Lemma color_class_le2 a b z : a \in X -> b \in X -> z \in X -> a != b ->
  f a = f b -> f z = f a -> z = a \/ z = b.
Proof.
move=> aX bX zX nab fab fza.
have [->|nza] := eqVneq z a; first by left.
have [->|nzb] := eqVneq z b; first by right.
have same_color x y : x \in X -> y \in X -> f x = f y -> ~~ e x y.
  by move=> xX yX fxy; apply/negP => /(fcol xX yX); rewrite fxy eqxx.
have := same_color b z bX zX; rewrite fza -fab => /(_ erefl).
rewrite (alpha2_adj aX bX zX nab) 1?eq_sym //.
  by apply: same_color.
by apply: same_color; rewrite // fza.
Qed.

Lemma solo_clique : clique e (solo X f).
Proof.
apply/cliqueP => x y xS yS nxy; apply/negPn/negP => nexy.
have [xX yX] := (subsetP (soloX X f) x xS, subsetP (soloX X f) y yS).
pose g z := if z == y then f x else f z.
have gcol : coloring X g.
  move=> p q pX qX epq; rewrite /g.
  case: ifP => [/eqP epy|/negbT npy]; case: ifP => [/eqP eqy|/negbT nqy].
  - by move: epq; rewrite epy eqy e_irr.
  - by rewrite eq_sym (solo_neq xS) //; apply: contraNneq nexy => eqx; rewrite -eqx -epy e_sym.
  - by rewrite (solo_neq xS) //; apply: contraNneq nexy => epx; rewrite -epx -eqy.
  - exact: fcol.
apply: (optimal_coloring_minimal gcol (imset_f f yX)).
apply/subsetP => _ /imsetP [z zX ->]; rewrite /g !inE.
by case: ifP => [_|/negbT nzy]; rewrite (solo_neq yS) //= imset_f.
Qed.

Section Recolor.
Variables (u a b : T).
Hypotheses (uS : u \in solo X f) (aX : a \in X) (bX : b \in X) (nab : a != b) (fab : f a = f b)
  (neua : ~~ e u a).

Let uX : u \in X := subsetP (soloX X f) u uS.
Let aS : a \notin solo X f := notin_solo bX nab fab.
Let bS : b \notin solo X f. Proof. by apply: notin_solo aX _ (esym fab); rewrite eq_sym. Qed.
Let nau : a != u. Proof. by apply: contraNneq aS => ->. Qed.
Let nbu : b != u. Proof. by apply: contraNneq bS => ->. Qed.

Lemma recolor_coloring w : w \in solo X f -> (w == u) || ~~ e b w ->
  coloring X (recolor f u a b w).
Proof.
move=> wS hw; set g := recolor f u a b w.
have gu : g u = f a by rewrite /g /recolor eqxx.
have gb : g b = f w by rewrite /g /recolor (negbTE nbu) eqxx.
have gz z : z != u -> z != b -> g z = f z.
  by move=> nzu nzb; rewrite /g /recolor (negbTE nzu) (negbTE nzb).
have col_u q : q \in X -> e u q -> g u != g q.
  move=> qX euq; rewrite gu.
  have [equ|nqu] := eqVneq q u; first by rewrite equ e_irr in euq.
  have [->|nqb] := eqVneq q b.
    by rewrite gb; apply: contraNneq aS => /(solo_eq wS aX) ->.
  rewrite gz //; apply/eqP => faq.
  have [qa|qb] := color_class_le2 aX bX qX nab fab (esym faq); last by rewrite qb eqxx in nqb.
  by rewrite qa (negbTE neua) in euq.
have col_b q : q \in X -> q != u -> e b q -> g b != g q.
  move=> qX nqu ebq; rewrite gb.
  have [eqb|nqb] := eqVneq q b; first by rewrite eqb e_irr in ebq.
  rewrite gz //; apply/eqP => /esym /(solo_eq wS qX) eqw.
  by rewrite -eqw (negbTE nqu) ebq in hw.
move=> p q pX qX.
have [->|npu] := eqVneq p u; first exact: col_u.
have [->|nqu] := eqVneq q u; first by rewrite e_sym eq_sym; apply: col_u.
have [->|npb] := eqVneq p b; first exact: col_b.
have [->|nqb] := eqVneq q b; first by rewrite e_sym eq_sym; apply: col_b.
by rewrite !gz //; apply: fcol.
Qed.

Lemma solo_mate_adj w : w \in solo X f -> w != u -> e b w.
Proof.
move=> wS nwu; apply/negPn/negP => nebw.
have hw : (w == u) || ~~ e b w by rewrite nebw orbT.
have gcol := recolor_coloring wS hw.
apply: (optimal_coloring_minimal gcol (imset_f f uX)).
apply/subsetP => _ /imsetP [z zX ->]; rewrite !inE /recolor.
case: ifP => [_|/negbT nzu]; first by rewrite (solo_neq uS) ?imset_f.
by case: ifP => _; rewrite (solo_neq uS) ?imset_f // (subsetP (soloX X f)).
Qed.

Lemma recolor_swap :
  [/\ coloring X (recolor f u a b u), #|recolor f u a b u @: X| = chi_on e X,
      b \in solo X (recolor f u a b u)
    & forall w, w \in solo X f -> w != u -> w \in solo X (recolor f u a b u)].
Proof.
have gcol : coloring X (recolor f u a b u) by apply: recolor_coloring; rewrite ?eqxx.
split => //.
- apply/eqP; rewrite eqn_leq chi_on_le_coloring // andbT -fopt.
  apply/subset_leq_card/subsetP => _ /imsetP [z zX ->]; rewrite /recolor.
  by case: ifP => _; [|case: ifP => _]; rewrite imset_f.
- apply: mem_solo => // y yX; rewrite /recolor (negbTE nbu) eqxx.
  case: ifP => [_ /(solo_eq uS aX) au|/negbT nyu]; first by move: nau; rewrite au eqxx.
  by case: ifP => [/eqP //|_] /(solo_eq uS yX) yu; rewrite yu eqxx in nyu.
move=> w wS nwu; have wX := subsetP (soloX X f) w wS.
have nwb : w != b by apply: contraNneq bS => <-.
apply: mem_solo => // y yX; rewrite /recolor (negbTE nwu) (negbTE nwb).
case: ifP => [_ /(solo_eq wS aX) aw|/negbT nyu]; first by move: aS; rewrite aw wS.
case: ifP => [_ /(solo_eq wS uX) uw|_]; first by rewrite uw eqxx in nwu.
exact: solo_eq wS yX.
Qed.

End Recolor.

End OptimalColoring.

Section NonNeighbours.
Variables (C : finType) (f : T -> C) (u : T).
Hypotheses (fcol : coloring X f) (fopt : #|f @: X| = chi_on e X) (uS : u \in solo X f).

Let uX : u \in X := subsetP (soloX X f) u uS.
Let N := non_nbhd X u.
Let N1 := [set a in N | [forall w in solo X f, (w != u) ==> e a w]].
Let N2 := N :\: N1.
Local Notation mate := (mate X f).

Lemma non_nbhdP a : a \in N -> [/\ a \in X, a != u, ~~ e u a & a \notin solo X f].
Proof.
rewrite inE => /and3P [aX nau neua]; split => //.
by apply: contra neua => aS; move/cliqueP: (solo_clique fcol fopt); apply; rewrite // eq_sym.
Qed.

Lemma mate_non_nbhd a : a \in N ->
  [/\ mate a \in X, mate a != a, f (mate a) = f a, mate a != u & mate a \notin solo X f].
Proof.
case/non_nbhdP => aX nau _ aS; have [mX nma fma] := mateP aX aS.
have nmu : mate a != u by apply: contraNneq nau => mu; apply/eqP/(solo_eq uS aX); rewrite -fma mu.
by split => //; apply: notin_solo aX nma fma.
Qed.

Lemma mate_adj_u a : a \in N -> e u (mate a).
Proof.
move=> aN; have [aX nau neua _] := non_nbhdP aN; have [mX nma fma nmu _] := mate_non_nbhd aN.
have neam : ~~ e a (mate a) by apply/negP => /(fcol aX mX); rewrite fma eqxx.
have neau : ~~ e a u by rewrite e_sym.
by apply: (alpha2_adj aX uX mX nau) => //; rewrite eq_sym.
Qed.

Lemma mate_adj_solo a w : a \in N -> w \in solo X f -> w != u -> e (mate a) w.
Proof.
move=> aN wS nwu; have [aX _ neua _] := non_nbhdP aN; have [mX nma fma _ _] := mate_non_nbhd aN.
by apply: (solo_mate_adj fcol fopt uS aX mX) => //; rewrite eq_sym.
Qed.

Let non_nbhd_color_inj : {in N &, injective f}.
Proof. exact: coloring_clique_inj fcol (non_nbhd_subset X u) (non_nbhd_clique uX). Qed.

Lemma mate_inj : {in N &, injective mate}.
Proof.
move=> a a' aN a'N mm; apply: non_nbhd_color_inj => //.
by have [_ _ <- _ _] := mate_non_nbhd aN; have [_ _ <- _ _] := mate_non_nbhd a'N; rewrite mm.
Qed.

########

▶ Aim of the task: Please reproduce exactly the lines in the listing above from the one containing "have gcol := recolor_coloring wS hw." through the one containing "[/\ coloring X", both included, and nothing more.

▶ Result of the task:
have gcol := recolor_coloring wS hw.
apply: (optimal_coloring_minimal gcol (imset_f f uX)).
apply/subsetP => _ /imsetP [z zX ->]; rewrite !inE /recolor.
case: ifP => [_|/negbT nzu]; first by rewrite (solo_neq uS) ?imset_f.
by case: ifP => _; rewrite (solo_neq uS) ?imset_f // (subsetP (soloX X f)).
Qed.

Lemma recolor_swap :
  [/\ coloring X (recolor f u a b u), #|recolor f u a b u @: X| = chi_on e X,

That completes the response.